Saved data entries:
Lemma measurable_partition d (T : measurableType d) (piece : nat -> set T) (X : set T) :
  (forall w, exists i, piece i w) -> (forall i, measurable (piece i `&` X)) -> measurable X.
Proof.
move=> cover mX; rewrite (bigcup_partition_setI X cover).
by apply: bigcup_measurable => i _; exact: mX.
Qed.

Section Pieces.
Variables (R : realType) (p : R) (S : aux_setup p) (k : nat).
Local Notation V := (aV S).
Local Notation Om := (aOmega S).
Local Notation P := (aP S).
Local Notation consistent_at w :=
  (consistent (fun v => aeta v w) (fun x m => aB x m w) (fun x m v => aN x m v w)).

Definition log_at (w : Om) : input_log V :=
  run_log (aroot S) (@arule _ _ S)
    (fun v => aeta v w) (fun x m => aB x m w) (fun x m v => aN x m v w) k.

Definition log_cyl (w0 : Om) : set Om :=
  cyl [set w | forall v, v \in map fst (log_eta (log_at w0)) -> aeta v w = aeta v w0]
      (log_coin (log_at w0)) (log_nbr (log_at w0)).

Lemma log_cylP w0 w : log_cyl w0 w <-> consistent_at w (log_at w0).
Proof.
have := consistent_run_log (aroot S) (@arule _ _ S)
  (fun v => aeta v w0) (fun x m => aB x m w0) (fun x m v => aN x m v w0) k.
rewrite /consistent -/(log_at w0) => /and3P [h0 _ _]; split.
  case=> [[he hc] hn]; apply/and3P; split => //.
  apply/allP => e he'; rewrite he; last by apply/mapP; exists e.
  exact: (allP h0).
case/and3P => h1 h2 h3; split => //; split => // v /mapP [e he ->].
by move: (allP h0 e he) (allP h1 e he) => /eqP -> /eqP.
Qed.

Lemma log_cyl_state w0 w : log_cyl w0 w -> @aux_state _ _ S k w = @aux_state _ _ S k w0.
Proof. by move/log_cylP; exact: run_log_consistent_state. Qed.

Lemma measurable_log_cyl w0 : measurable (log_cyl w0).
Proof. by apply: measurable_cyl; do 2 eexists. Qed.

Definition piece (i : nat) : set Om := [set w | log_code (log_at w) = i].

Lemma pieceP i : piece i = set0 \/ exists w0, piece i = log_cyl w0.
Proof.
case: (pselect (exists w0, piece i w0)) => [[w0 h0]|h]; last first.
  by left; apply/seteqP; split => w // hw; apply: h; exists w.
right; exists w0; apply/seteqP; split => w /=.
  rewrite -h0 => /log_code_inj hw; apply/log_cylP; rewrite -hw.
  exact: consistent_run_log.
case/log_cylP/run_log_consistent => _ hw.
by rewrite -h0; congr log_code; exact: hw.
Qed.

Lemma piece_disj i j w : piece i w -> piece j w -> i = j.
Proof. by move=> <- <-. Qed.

==

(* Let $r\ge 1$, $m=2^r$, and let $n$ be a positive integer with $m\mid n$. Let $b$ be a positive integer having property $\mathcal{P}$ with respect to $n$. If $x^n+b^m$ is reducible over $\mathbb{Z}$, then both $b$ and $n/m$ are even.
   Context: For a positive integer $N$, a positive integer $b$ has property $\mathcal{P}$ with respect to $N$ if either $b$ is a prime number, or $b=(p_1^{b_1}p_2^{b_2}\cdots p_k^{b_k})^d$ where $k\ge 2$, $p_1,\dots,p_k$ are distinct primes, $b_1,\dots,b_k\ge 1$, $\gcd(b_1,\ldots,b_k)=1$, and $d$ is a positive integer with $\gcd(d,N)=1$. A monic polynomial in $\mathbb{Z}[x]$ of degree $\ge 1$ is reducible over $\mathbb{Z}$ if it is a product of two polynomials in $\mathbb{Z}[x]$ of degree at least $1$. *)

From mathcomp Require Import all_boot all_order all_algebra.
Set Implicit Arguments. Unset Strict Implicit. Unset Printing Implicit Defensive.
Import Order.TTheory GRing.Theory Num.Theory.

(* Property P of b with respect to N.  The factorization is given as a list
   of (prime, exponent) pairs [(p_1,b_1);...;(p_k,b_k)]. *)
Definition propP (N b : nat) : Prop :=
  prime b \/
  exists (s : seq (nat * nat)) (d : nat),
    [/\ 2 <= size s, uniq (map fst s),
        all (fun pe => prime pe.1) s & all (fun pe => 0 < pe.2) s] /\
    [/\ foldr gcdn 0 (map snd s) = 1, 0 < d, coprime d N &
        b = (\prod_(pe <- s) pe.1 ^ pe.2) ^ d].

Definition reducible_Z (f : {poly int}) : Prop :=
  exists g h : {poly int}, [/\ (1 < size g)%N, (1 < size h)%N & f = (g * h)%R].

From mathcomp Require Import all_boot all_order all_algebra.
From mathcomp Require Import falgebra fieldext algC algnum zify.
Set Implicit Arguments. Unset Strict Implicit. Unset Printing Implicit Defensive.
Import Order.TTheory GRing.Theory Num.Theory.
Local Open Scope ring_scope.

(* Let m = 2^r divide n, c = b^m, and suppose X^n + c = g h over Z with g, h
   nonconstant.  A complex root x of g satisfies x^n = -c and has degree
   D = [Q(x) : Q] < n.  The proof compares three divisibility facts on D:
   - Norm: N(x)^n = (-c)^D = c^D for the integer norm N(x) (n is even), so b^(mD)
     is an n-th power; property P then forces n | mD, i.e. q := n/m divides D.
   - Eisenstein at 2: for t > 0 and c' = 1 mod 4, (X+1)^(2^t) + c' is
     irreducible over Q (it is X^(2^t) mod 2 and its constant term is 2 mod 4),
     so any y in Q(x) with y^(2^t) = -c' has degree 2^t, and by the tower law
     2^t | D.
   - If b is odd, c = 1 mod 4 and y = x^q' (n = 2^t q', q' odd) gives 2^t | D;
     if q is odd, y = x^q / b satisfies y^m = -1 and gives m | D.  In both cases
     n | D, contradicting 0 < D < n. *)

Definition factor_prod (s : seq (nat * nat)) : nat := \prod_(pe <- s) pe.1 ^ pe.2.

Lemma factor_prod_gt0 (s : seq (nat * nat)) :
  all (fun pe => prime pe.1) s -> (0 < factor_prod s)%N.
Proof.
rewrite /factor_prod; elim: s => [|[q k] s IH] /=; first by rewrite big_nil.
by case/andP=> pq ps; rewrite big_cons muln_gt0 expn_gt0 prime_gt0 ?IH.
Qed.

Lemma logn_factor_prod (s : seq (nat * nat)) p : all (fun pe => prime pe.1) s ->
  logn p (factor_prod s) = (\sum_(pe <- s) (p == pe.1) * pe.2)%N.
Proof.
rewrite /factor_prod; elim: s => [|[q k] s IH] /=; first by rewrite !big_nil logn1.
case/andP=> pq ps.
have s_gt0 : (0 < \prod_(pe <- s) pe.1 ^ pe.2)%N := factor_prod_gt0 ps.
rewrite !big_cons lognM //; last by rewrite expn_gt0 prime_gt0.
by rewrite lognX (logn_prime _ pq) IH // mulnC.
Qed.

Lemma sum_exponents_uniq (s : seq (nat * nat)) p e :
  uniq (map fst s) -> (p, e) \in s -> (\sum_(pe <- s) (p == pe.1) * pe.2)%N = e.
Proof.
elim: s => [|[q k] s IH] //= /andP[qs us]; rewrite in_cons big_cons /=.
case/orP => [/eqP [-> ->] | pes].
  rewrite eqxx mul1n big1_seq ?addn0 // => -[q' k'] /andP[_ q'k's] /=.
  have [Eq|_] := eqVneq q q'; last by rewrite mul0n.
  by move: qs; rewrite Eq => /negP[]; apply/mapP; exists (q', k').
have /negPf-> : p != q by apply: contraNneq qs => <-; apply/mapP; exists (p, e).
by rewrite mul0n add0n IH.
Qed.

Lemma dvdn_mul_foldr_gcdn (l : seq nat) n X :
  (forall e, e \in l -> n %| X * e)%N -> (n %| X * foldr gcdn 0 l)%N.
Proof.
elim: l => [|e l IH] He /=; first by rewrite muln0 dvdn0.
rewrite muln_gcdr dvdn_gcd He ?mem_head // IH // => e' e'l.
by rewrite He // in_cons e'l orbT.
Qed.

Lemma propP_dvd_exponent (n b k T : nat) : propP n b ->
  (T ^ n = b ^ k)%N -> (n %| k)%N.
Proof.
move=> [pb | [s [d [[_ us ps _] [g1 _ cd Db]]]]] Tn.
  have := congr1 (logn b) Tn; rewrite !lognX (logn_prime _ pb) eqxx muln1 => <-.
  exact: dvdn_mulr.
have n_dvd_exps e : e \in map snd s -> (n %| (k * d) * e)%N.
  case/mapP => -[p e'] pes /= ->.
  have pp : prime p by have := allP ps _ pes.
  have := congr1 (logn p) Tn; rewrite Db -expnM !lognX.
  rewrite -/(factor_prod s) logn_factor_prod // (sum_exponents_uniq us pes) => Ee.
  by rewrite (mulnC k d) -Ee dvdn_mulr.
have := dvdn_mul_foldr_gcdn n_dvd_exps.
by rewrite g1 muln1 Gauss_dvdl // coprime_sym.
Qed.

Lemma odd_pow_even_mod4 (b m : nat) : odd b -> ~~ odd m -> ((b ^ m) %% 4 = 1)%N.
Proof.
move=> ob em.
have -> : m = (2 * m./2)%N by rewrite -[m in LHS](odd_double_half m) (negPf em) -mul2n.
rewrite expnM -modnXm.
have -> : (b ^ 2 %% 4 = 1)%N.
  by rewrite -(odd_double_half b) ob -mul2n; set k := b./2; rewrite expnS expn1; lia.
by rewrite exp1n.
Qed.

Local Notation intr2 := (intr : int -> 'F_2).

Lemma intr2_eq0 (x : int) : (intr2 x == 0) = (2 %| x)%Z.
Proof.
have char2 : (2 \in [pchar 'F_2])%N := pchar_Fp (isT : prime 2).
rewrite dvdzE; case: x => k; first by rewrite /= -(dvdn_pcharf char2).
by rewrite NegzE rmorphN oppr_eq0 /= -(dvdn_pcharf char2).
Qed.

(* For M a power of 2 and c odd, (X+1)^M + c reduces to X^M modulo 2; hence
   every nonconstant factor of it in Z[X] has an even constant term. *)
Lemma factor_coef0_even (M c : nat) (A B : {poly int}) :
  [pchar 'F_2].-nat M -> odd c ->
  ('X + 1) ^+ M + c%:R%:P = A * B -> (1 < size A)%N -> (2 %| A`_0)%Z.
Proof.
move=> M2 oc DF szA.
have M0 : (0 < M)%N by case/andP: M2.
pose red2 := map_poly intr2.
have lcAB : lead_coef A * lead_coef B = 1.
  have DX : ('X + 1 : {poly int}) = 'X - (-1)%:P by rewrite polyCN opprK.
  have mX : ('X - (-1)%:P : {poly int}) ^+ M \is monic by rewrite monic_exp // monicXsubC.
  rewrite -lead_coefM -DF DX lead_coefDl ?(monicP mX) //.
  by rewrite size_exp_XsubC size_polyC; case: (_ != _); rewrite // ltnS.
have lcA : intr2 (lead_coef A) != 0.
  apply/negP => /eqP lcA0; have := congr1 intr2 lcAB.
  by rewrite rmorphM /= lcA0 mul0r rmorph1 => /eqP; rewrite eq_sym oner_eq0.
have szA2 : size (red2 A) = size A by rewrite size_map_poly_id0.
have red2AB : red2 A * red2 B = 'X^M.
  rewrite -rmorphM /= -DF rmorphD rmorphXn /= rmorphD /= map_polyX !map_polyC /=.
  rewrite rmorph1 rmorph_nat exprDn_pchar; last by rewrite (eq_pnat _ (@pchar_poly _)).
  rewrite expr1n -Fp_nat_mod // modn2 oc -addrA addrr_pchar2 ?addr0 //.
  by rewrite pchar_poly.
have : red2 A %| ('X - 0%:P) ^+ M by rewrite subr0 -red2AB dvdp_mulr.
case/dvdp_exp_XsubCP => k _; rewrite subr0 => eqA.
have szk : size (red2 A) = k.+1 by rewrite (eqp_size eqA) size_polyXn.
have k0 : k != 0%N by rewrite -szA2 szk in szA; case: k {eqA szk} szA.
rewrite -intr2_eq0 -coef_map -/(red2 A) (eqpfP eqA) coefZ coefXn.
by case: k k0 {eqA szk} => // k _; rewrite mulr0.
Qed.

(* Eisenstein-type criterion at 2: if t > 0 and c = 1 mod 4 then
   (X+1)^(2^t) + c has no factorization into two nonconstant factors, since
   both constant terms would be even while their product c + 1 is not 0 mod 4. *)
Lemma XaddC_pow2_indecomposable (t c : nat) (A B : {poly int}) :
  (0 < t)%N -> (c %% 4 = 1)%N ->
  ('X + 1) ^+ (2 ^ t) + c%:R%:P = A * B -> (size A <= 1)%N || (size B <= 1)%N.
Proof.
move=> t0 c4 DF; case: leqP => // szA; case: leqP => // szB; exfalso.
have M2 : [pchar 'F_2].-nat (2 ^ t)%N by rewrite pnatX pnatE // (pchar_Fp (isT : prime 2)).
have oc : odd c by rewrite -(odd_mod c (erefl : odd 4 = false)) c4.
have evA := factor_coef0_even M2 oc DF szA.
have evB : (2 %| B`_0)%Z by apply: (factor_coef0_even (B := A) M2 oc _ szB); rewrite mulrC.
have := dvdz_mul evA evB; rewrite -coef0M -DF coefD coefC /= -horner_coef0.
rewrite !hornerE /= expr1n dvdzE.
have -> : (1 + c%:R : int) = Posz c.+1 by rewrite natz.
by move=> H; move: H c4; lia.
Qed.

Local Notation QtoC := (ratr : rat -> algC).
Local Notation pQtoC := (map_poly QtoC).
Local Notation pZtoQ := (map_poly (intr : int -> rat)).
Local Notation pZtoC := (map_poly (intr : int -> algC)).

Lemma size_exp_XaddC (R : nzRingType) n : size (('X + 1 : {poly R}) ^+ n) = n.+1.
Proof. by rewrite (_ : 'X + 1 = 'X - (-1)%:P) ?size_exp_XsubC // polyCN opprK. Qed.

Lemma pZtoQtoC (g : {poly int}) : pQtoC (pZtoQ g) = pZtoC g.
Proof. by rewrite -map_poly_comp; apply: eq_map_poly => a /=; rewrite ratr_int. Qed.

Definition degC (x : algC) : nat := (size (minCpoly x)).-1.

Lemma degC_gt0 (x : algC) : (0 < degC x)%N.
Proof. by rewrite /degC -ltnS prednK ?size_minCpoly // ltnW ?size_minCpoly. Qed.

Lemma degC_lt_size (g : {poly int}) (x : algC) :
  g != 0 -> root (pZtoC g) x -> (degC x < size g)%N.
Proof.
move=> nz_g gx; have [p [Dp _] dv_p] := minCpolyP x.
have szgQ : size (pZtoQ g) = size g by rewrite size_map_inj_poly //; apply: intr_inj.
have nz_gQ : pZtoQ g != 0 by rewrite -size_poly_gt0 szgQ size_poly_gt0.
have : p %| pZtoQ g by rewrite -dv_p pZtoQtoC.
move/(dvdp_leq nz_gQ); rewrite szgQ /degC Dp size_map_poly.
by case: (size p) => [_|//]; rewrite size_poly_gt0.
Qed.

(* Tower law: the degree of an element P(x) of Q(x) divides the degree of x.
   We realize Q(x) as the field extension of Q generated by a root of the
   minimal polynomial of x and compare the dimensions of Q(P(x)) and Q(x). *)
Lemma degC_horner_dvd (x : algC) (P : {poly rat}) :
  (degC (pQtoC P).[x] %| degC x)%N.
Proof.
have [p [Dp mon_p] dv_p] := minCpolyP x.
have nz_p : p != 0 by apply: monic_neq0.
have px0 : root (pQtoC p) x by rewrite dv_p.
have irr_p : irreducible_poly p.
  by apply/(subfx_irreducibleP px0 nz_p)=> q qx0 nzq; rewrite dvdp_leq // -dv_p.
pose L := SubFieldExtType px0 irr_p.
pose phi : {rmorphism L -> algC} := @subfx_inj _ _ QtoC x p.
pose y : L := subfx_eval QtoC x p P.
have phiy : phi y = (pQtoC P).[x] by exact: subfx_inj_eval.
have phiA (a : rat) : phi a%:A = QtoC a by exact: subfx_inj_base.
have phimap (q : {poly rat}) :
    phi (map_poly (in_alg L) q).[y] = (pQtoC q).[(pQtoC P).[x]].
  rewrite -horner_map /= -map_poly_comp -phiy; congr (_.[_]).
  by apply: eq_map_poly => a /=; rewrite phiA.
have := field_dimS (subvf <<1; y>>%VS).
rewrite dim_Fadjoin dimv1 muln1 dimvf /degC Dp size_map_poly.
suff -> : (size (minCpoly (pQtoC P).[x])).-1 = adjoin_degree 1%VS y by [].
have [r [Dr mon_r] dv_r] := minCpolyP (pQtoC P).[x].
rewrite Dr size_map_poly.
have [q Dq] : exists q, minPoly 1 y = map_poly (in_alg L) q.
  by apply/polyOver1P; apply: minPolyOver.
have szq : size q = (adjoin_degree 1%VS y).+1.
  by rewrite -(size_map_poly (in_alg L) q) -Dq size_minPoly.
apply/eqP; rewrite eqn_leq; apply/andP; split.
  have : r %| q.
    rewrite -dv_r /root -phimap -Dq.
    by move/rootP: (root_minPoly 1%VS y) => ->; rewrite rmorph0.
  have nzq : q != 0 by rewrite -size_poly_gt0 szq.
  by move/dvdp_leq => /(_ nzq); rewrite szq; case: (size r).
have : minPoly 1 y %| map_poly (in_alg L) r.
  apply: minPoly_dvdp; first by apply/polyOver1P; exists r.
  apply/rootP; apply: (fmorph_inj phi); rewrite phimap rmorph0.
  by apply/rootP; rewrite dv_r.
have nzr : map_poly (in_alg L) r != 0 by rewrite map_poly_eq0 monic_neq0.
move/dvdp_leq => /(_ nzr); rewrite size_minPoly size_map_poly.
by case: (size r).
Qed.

§ Task description
Please return only the lines above, starting at the line that has "move=> M2 oc DF szA." and ending at the line that has "have lcA : intr2 (lead_coef A) != 0.", keeping both and leaving each one unchanged.

§ Output for this exercise
move=> M2 oc DF szA.
have M0 : (0 < M)%N by case/andP: M2.
pose red2 := map_poly intr2.
have lcAB : lead_coef A * lead_coef B = 1.
  have DX : ('X + 1 : {poly int}) = 'X - (-1)%:P by rewrite polyCN opprK.
  have mX : ('X - (-1)%:P : {poly int}) ^+ M \is monic by rewrite monic_exp // monicXsubC.
  rewrite -lead_coefM -DF DX lead_coefDl ?(monicP mX) //.
  by rewrite size_exp_XsubC size_polyC; case: (_ != _); rewrite // ltnS.
have lcA : intr2 (lead_coef A) != 0.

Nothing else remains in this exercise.